Your boss pays you too much money to crawl through attics.. he should get you a helper for those kind of jobs and save money.. :thumbsup:


----------



## erics37 (May 7, 2009)

B4T said:


> Your boss pays you too much money to crawl through attics.. he should get you a helper for those kind of jobs and save money.. :thumbsup:


You're absolutely ****ing right for once :thumbup:

Anyway if he wanted to save money he wouldn't be squandering resources on residential remodel jobs.


----------



## stuiec (Sep 25, 2010)

Thanks to your inconsiderate lack of pictorial illustration, I am forced to imagine that you crawl the attics thusly attired.

View attachment 17568


----------



## chewy (May 9, 2010)

I can fit a condom on my head then blow it up with my nose and wear a dustvmask over my mouth.


----------



## electrictim510 (Sep 9, 2008)

I like how you put that, stuiec. "thusly attired" :thumbsup:


----------



## greenman (Apr 20, 2012)

this is my ppe


----------



## etb (Sep 8, 2010)

chewy said:


> I can fit a condom on my head then blow it up with my nose and wear a dustvmask over my mouth.


The first video I saw of this was perhaps 4-6 years ago. It was a chap from the UK who blew it up on his head while sitting on a couch, and put a top had on and when walking down the block. I thought it was funny at the time, but in the few minutes I just spent, couldn't find it on the web.


----------



## chewy (May 9, 2010)

etb said:


> The first video I saw of this was perhaps 4-6 years ago. It was a chap from the UK who blew it up on his head while sitting on a couch, and put a top had on and when walking down the block. I thought it was funny at the time, but in the few minutes I just spent, couldn't find it on the web.

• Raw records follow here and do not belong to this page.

(* Let $[\xi_1\to\xi_2\to\xi_1]$ be a simple heteroclinic cycle in $\mathbb{R}^4$ with two nodes. Then $\xi_1$ and $\xi_2$ lie in the same one-dimensional linear subspace of $\mathbb{R}^4$.
   Context: Setting: $\dot y=f(y)$ on $\mathbb{R}^4$ with $f$ equivariant under a finite group $\Gamma\subset O(4)$. Each connection $[\xi_j\to\xi_{j+1}]\subset W^u(\xi_j)\cap W^s(\xi_{j+1})$ is a saddle-sink connection in a fixed-point subspace $P_j=\mathrm{Fix}(\Sigma_j)$, $\Sigma_j\subset\Gamma$ an isotropy subgroup, and $L_j=P_{j-1}\cap P_j$. A robust cycle $X\subset\mathbb{R}^4\setminus\{0\}$ is simple if $\dim P_j=2$ for each $j$, $X$ meets each connected component of $L_j\setminus\{0\}$ in at most one point, and the linearizations at its equilibria have no double eigenvalues. *)

From Stdlib Require Import Reals Lra List.
Open Scope R_scope.

Inductive I4 : Set := i0 | i1 | i2 | i3.
Definition I4_eq_dec (i j : I4) : {i = j} + {i <> j}.
Proof. decide equality. Defined.

Definition vec := I4 -> R.
Definition mat := I4 -> I4 -> R.

Definition sum4 (F : I4 -> R) : R := F i0 + F i1 + F i2 + F i3.
Definition vzero : vec := fun _ => 0.
Definition vadd (x y : vec) : vec := fun i => x i + y i.
Definition vsub (x y : vec) : vec := fun i => x i - y i.
Definition vscale (a : R) (x : vec) : vec := fun i => a * x i.
Definition vnorm (x : vec) : R := sqrt (sum4 (fun i => x i * x i)).

Definition delta (i j : I4) : R := if I4_eq_dec i j then 1 else 0.
Definition mid : mat := delta.
Definition mapply (A : mat) (x : vec) : vec := fun i => sum4 (fun j => A i j * x j).
Definition mmul (A B : mat) : mat := fun i j => sum4 (fun k => A i k * B k j).
Definition mtr (A : mat) : mat := fun i j => A j i.

Definition orthogonal (M : mat) : Prop :=
  forall i j, sum4 (fun k => M k i * M k j) = delta i j.

Definition finite_orthogonal_group (G : mat -> Prop) : Prop :=
  (exists l : list mat, forall g, G g <-> In g l) /\
  G mid /\
  (forall g h, G g -> G h -> G (mmul g h)) /\
  (forall g, G g -> G (mtr g)) /\
  (forall g, G g -> orthogonal g).

Definition equivariant (G : mat -> Prop) (f : vec -> vec) : Prop :=
  forall g x, G g -> f (mapply g x) = mapply g (f x).

Definition isotropy_subgroup (G S : mat -> Prop) : Prop :=
  exists x : vec, forall g, S g <-> (G g /\ mapply g x = x).

Definition Fix (S : mat -> Prop) (x : vec) : Prop :=
  forall g, S g -> mapply g x = x.

Definition dim2 (P : vec -> Prop) : Prop :=
  exists u v : vec,
    (forall a b, vadd (vscale a u) (vscale b v) = vzero -> a = 0 /\ b = 0) /\
    (forall x, P x <-> exists a b, x = vadd (vscale a u) (vscale b v)).

Definition has_derivative (f : vec -> vec) (A : mat) (x : vec) : Prop :=
  forall eps, 0 < eps -> exists dlt, 0 < dlt /\
    forall h, vnorm h < dlt ->
      vnorm (vsub (vsub (f (vadd x h)) (f x)) (mapply A h)) <= eps * vnorm h.

Definition is_C1 (f : vec -> vec) (Df : vec -> mat) : Prop :=
  (forall x, has_derivative f (Df x) x) /\
  (forall i j x eps, 0 < eps -> exists dlt, 0 < dlt /\
     forall y, vnorm (vsub y x) < dlt -> Rabs (Df y i j - Df x i j) < eps).

Definition is_solution_on (f : vec -> vec) (phi : R -> vec) (D : R -> Prop) : Prop :=
  forall t, D t -> forall i, derivable_pt_lim (fun s => phi s i) t (f (phi t) i).

Definition tends_at_plus_inf (phi : R -> vec) (xi : vec) : Prop :=
  forall eps, 0 < eps -> exists T, forall t, T <= t -> vnorm (vsub (phi t) xi) < eps.

Definition tends_at_minus_inf (phi : R -> vec) (xi : vec) : Prop :=
  forall eps, 0 < eps -> exists T, forall t, t <= T -> vnorm (vsub (phi t) xi) < eps.

Definition Wu (f : vec -> vec) (xi : vec) (x : vec) : Prop :=
  exists phi : R -> vec, phi 0 = x /\ is_solution_on f phi (fun t => t <= 0) /\
    tends_at_minus_inf phi xi.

Ive been doing it since I was 12, if girls mention that a guy thought a johnny was too tight I stick on on my head, its just a reaction.


----------



## BBQ (Nov 16, 2010)

erics37 said:


> As a guy with a lifetime of chronic allergy issues, it's a no-brainer for me to wear proper PPE when dealing with dust or other other airborne nasties. I have a respirator with a couple different types of filter cartridges, hanging on a hook right inside my van door. Literally the easiest thing in my van to grab.
> 
> Well I'm in the midst of a hellish residential remodel (actually it's not too bad, I just loathe residential work). House built in 1971. A lot of my stuff involves crawling through the nasty, dusty attic. My "crawling suit" is an old pair of coveralls, a sh*tty old hat, gloves, goggles, and of course my respirator. It's uncomfortable and hot but it beats the alternative.
> 
> ...


What a frigging wuss :laughing:


----------



## Fredman (Dec 2, 2008)

BBQ said:


> What a frigging wuss :laughing:



Because he is allergic???  

You are a truly a moron plain and simple.


----------



## chewy (May 9, 2010)

Fredman said:


> Because he is allergic???
> 
> You are a truly a moron plain and simple.


Why so serious Sancho?


----------



## BBQ (Nov 16, 2010)

Fredman said:


> Because he is allergic???
> 
> You are a truly a moron plain and simple.


You have Chris Farley as an avatar yet have no concept of a joke. 

Makes sense. :laughing:


----------



## Fredman (Dec 2, 2008)

OK - Lets all joke about something at your expense that you have no control over and test your sense of humor. 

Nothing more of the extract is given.